(* Let $k\ge\ell\ge1$ be integers with $k+\ell\ge6$, let $G$ be a finite digraph, and let $Z\subseteq V(G)$ with $|Z|\ge 2$. Then $$\Pr[\phi\in\mathcal S\text{ and }\mathrm{Im}\,\phi\subseteq Z]\le \frac{(k-1)^{k-1}\ell^\ell}{(m-1)^{m-1}}\,\mu(Z)^2\,\frac{\delta(Z)}{2}\,\max_{z\in Z}\rho_Z(z)^{m-1}.$$
   Context: Put $m=k+\ell$. Digraphs are finite, without loops; $xy$ denotes an arc from $x$ to $y$; two vertices are adjacent if at least one of $xy,yx$ is an arc. The oriented star $S_{k,\ell}$ has a center $c$, a set $O$ of $k$ out-leaves and a set $I$ of $\ell$ in-leaves; its arcs are exactly $co$ ($o\in O$) and $ic$ ($i\in I$). For a digraph $G$ on $n$ vertices, let $\phi$ be a uniformly random map from $V(S_{k,\ell})$ to $V(G)$ (all $n^{m+1}$ maps equally likely), and let $\mathcal S$ be the set of maps $\phi$ that are isomorphisms from $S_{k,\ell}$ onto the induced subdigraph $G[\mathrm{Im}\,\phi]$ (in particular injective). For $A\subseteq V(G)$: $\mu(A)=|A|/n$, and $\rho_A(x)$ is the number of vertices of $A$ adjacent to $x$, divided by $n$. $\delta(Z)$ is the number of adjacent unordered pairs of vertices of $Z$ divided by $\binom{|Z|}{2}$. *)

From mathcomp Require Import all_boot all_order all_algebra.
Set Implicit Arguments. Unset Strict Implicit. Unset Printing Implicit Defensive.
Import Order.TTheory GRing.Theory Num.Theory.
Local Open Scope ring_scope.

(* A digraph on a finite vertex type V is an arc relation [arc : rel V]
   (x -> y is an arc iff [arc x y]); loopless is imposed as a hypothesis. *)

Definition adj (V : finType) (arc : rel V) (x y : V) : bool := arc x y || arc y x.

Definition mu (R : realFieldType) (V : finType) (A : {set V}) : R :=
  #|A|%:R / #|V|%:R.

Definition rho (R : realFieldType) (V : finType) (arc : rel V) (A : {set V}) (x : V) : R :=
  #|[set y in A | adj arc x y]|%:R / #|V|%:R.

Definition adj_pairs (V : finType) (arc : rel V) (Z : {set V}) : nat :=
  #|[set p : V * V | [&& p.1 \in Z, p.2 \in Z, p.1 != p.2 & adj arc p.1 p.2]]| %/ 2.

Definition delta (R : realFieldType) (V : finType) (arc : rel V) (Z : {set V}) : R :=
  (adj_pairs arc Z)%:R / ('C(#|Z|, 2))%:R.

(* The oriented star S_{k,l} on vertex set 'I_(k+l+1):
   vertex 0 is the center c, vertices 1..k are the out-leaves O,
   vertices k+1..k+l are the in-leaves I. Arcs: c o (o in O), i c (i in I). *)
Definition star_arc (k l : nat) : rel 'I_(k + l + 1) :=
  fun i j => ((val i == 0%N) && (1 <= val j <= k)%N)
          || ((k < val i)%N && (val j == 0%N)).

Definition star_iso (V : finType) (arc : rel V) (k l : nat)
    (phi : {ffun 'I_(k + l + 1) -> V}) : bool :=
  injectiveb phi &&
  [forall i, forall j, arc (phi i) (phi j) == @star_arc k l i j].

(* Pr[phi in S and Im phi \subseteq Z] for phi uniform among all
   n^(m+1) maps V(S_{k,l}) -> V(G) *)
Definition star_prob (R : realFieldType) (V : finType) (arc : rel V) (k l : nat)
    (Z : {set V}) : R :=
  #|[set phi : {ffun 'I_(k + l + 1) -> V} |
      @star_iso V arc k l phi && [forall i, phi i \in Z]]|%:R
  / (#|V| ^ (k + l + 1))%:R.

(* max_{z in Z} rho_Z(z)^(m-1)  (values are >= 0, Z nonempty) *)
Definition max_rho_pow (R : realFieldType) (V : finType) (arc : rel V)
    (Z : {set V}) (e : nat) : R :=
  \big[Num.max/0]_(z in Z) (rho R arc Z z ^+ e).

From mathcomp Require Import all_boot all_order all_algebra ring zify.
Set Implicit Arguments. Unset Strict Implicit. Unset Printing Implicit Defensive.
Import Order.TTheory GRing.Theory Num.Theory.

(* If phi is an isomorphism of S_{k,l} onto an induced subdigraph with image
   in Z and centre c = phi(0), every out-leaf is sent to a vertex y of Z with
   c -> y but not y -> c, and every in-leaf to a vertex with y -> c but not
   c -> y.  Hence, writing a(c), b(c) for the numbers of such vertices,
     #stars in Z  <=  sum_{c in Z} a(c)^k b(c)^l.
   By weighted AM-GM, a^k b^l = a * a^(k-1) b^l
     <= a * (k-1)^(k-1) l^l / (m-1)^(m-1) * (a + b)^(m-1),
   and a(c) + b(c) <= n rho_Z(c).  Finally sum_c a(c) counts one-way arcs in Z,
   at most one per adjacent pair, and 2 binom(|Z|,2) <= |Z|^2 turns the number
   of adjacent pairs into the density factor mu(Z)^2 delta(Z)/2. *)

Section StarCounting.
Variables (V : finType) (arc : rel V) (Z : {set V}).

(* One-way out- and in-neighbours of c inside Z: the only possible images of
   the out-leaves and in-leaves of an induced star centred at c. *)
Definition out_nbrs (c : V) : {set V} := [set y in Z | arc c y && ~~ arc y c].
Definition in_nbrs (c : V) : {set V} := [set y in Z | arc y c && ~~ arc c y].

(* Both one-way neighbourhoods are disjoint parts of the neighbourhood of c. *)
Lemma card_out_in_nbrs c :
  #|out_nbrs c| + #|in_nbrs c| <= #|[set y in Z | adj arc c y]|.
Proof.
have disj : [disjoint out_nbrs c & in_nbrs c].
  by apply/pred0P => y; rewrite /= !inE; case: (arc c y); rewrite ?andbF.
have := (leq_card_setU (out_nbrs c) (in_nbrs c)).2.
rewrite disj => /eqP <-; apply: subset_leq_card.
apply/subsetP => y; rewrite !inE /adj.
by case: (y \in Z); case: (arc c y); case: (arc y c).
Qed.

Task item >> Retype each record. Keep every character as it is.

Written reply >>
(* Let $k\ge\ell\ge1$ be integers with $k+\ell\ge6$, let $G$ be a finite digraph, and let $Z\subseteq V(G)$ with $|Z|\ge 2$. Then $$\Pr[\phi\in\mathcal S\text{ and }\mathrm{Im}\,\phi\subseteq Z]\le \frac{(k-1)^{k-1}\ell^\ell}{(m-1)^{m-1}}\,\mu(Z)^2\,\frac{\delta(Z)}{2}\,\max_{z\in Z}\rho_Z(z)^{m-1}.$$
   Context: Put $m=k+\ell$. Digraphs are finite, without loops; $xy$ denotes an arc from $x$ to $y$; two vertices are adjacent if at least one of $xy,yx$ is an arc. The oriented star $S_{k,\ell}$ has a center $c$, a set $O$ of $k$ out-leaves and a set $I$ of $\ell$ in-leaves; its arcs are exactly $co$ ($o\in O$) and $ic$ ($i\in I$). For a digraph $G$ on $n$ vertices, let $\phi$ be a uniformly random map from $V(S_{k,\ell})$ to $V(G)$ (all $n^{m+1}$ maps equally likely), and let $\mathcal S$ be the set of maps $\phi$ that are isomorphisms from $S_{k,\ell}$ onto the induced subdigraph $G[\mathrm{Im}\,\phi]$ (in particular injective). For $A\subseteq V(G)$: $\mu(A)=|A|/n$, and $\rho_A(x)$ is the number of vertices of $A$ adjacent to $x$, divided by $n$. $\delta(Z)$ is the number of adjacent unordered pairs of vertices of $Z$ divided by $\binom{|Z|}{2}$. *)

From mathcomp Require Import all_boot all_order all_algebra.
Set Implicit Arguments. Unset Strict Implicit. Unset Printing Implicit Defensive.
Import Order.TTheory GRing.Theory Num.Theory.
Local Open Scope ring_scope.

(* A digraph on a finite vertex type V is an arc relation [arc : rel V]
   (x -> y is an arc iff [arc x y]); loopless is imposed as a hypothesis. *)

Definition adj (V : finType) (arc : rel V) (x y : V) : bool := arc x y || arc y x.

Definition mu (R : realFieldType) (V : finType) (A : {set V}) : R :=
  #|A|%:R / #|V|%:R.

Definition rho (R : realFieldType) (V : finType) (arc : rel V) (A : {set V}) (x : V) : R :=
  #|[set y in A | adj arc x y]|%:R / #|V|%:R.

Definition adj_pairs (V : finType) (arc : rel V) (Z : {set V}) : nat :=
  #|[set p : V * V | [&& p.1 \in Z, p.2 \in Z, p.1 != p.2 & adj arc p.1 p.2]]| %/ 2.

Definition delta (R : realFieldType) (V : finType) (arc : rel V) (Z : {set V}) : R :=
  (adj_pairs arc Z)%:R / ('C(#|Z|, 2))%:R.

(* The oriented star S_{k,l} on vertex set 'I_(k+l+1):
   vertex 0 is the center c, vertices 1..k are the out-leaves O,
   vertices k+1..k+l are the in-leaves I. Arcs: c o (o in O), i c (i in I). *)
Definition star_arc (k l : nat) : rel 'I_(k + l + 1) :=
  fun i j => ((val i == 0%N) && (1 <= val j <= k)%N)
          || ((k < val i)%N && (val j == 0%N)).

Definition star_iso (V : finType) (arc : rel V) (k l : nat)
    (phi : {ffun 'I_(k + l + 1) -> V}) : bool :=
  injectiveb phi &&
  [forall i, forall j, arc (phi i) (phi j) == @star_arc k l i j].

(* Pr[phi in S and Im phi \subseteq Z] for phi uniform among all
   n^(m+1) maps V(S_{k,l}) -> V(G) *)
Definition star_prob (R : realFieldType) (V : finType) (arc : rel V) (k l : nat)
    (Z : {set V}) : R :=
  #|[set phi : {ffun 'I_(k + l + 1) -> V} |
      @star_iso V arc k l phi && [forall i, phi i \in Z]]|%:R
  / (#|V| ^ (k + l + 1))%:R.

(* max_{z in Z} rho_Z(z)^(m-1)  (values are >= 0, Z nonempty) *)
Definition max_rho_pow (R : realFieldType) (V : finType) (arc : rel V)
    (Z : {set V}) (e : nat) : R :=
  \big[Num.max/0]_(z in Z) (rho R arc Z z ^+ e).

From mathcomp Require Import all_boot all_order all_algebra ring zify.
Set Implicit Arguments. Unset Strict Implicit. Unset Printing Implicit Defensive.
Import Order.TTheory GRing.Theory Num.Theory.

(* If phi is an isomorphism of S_{k,l} onto an induced subdigraph with image
   in Z and centre c = phi(0), every out-leaf is sent to a vertex y of Z with
   c -> y but not y -> c, and every in-leaf to a vertex with y -> c but not
   c -> y.  Hence, writing a(c), b(c) for the numbers of such vertices,
     #stars in Z  <=  sum_{c in Z} a(c)^k b(c)^l.
   By weighted AM-GM, a^k b^l = a * a^(k-1) b^l
     <= a * (k-1)^(k-1) l^l / (m-1)^(m-1) * (a + b)^(m-1),
   and a(c) + b(c) <= n rho_Z(c).  Finally sum_c a(c) counts one-way arcs in Z,
   at most one per adjacent pair, and 2 binom(|Z|,2) <= |Z|^2 turns the number
   of adjacent pairs into the density factor mu(Z)^2 delta(Z)/2. *)

Section StarCounting.
Variables (V : finType) (arc : rel V) (Z : {set V}).

(* One-way out- and in-neighbours of c inside Z: the only possible images of
   the out-leaves and in-leaves of an induced star centred at c. *)
Definition out_nbrs (c : V) : {set V} := [set y in Z | arc c y && ~~ arc y c].
Definition in_nbrs (c : V) : {set V} := [set y in Z | arc y c && ~~ arc c y].

(* Both one-way neighbourhoods are disjoint parts of the neighbourhood of c. *)
Lemma card_out_in_nbrs c :
  #|out_nbrs c| + #|in_nbrs c| <= #|[set y in Z | adj arc c y]|.
Proof.
have disj : [disjoint out_nbrs c & in_nbrs c].
  by apply/pred0P => y; rewrite /= !inE; case: (arc c y); rewrite ?andbF.
have := (leq_card_setU (out_nbrs c) (in_nbrs c)).2.
rewrite disj => /eqP <-; apply: subset_leq_card.
apply/subsetP => y; rewrite !inE /adj.
by case: (y \in Z); case: (arc c y); case: (arc y c).
Qed.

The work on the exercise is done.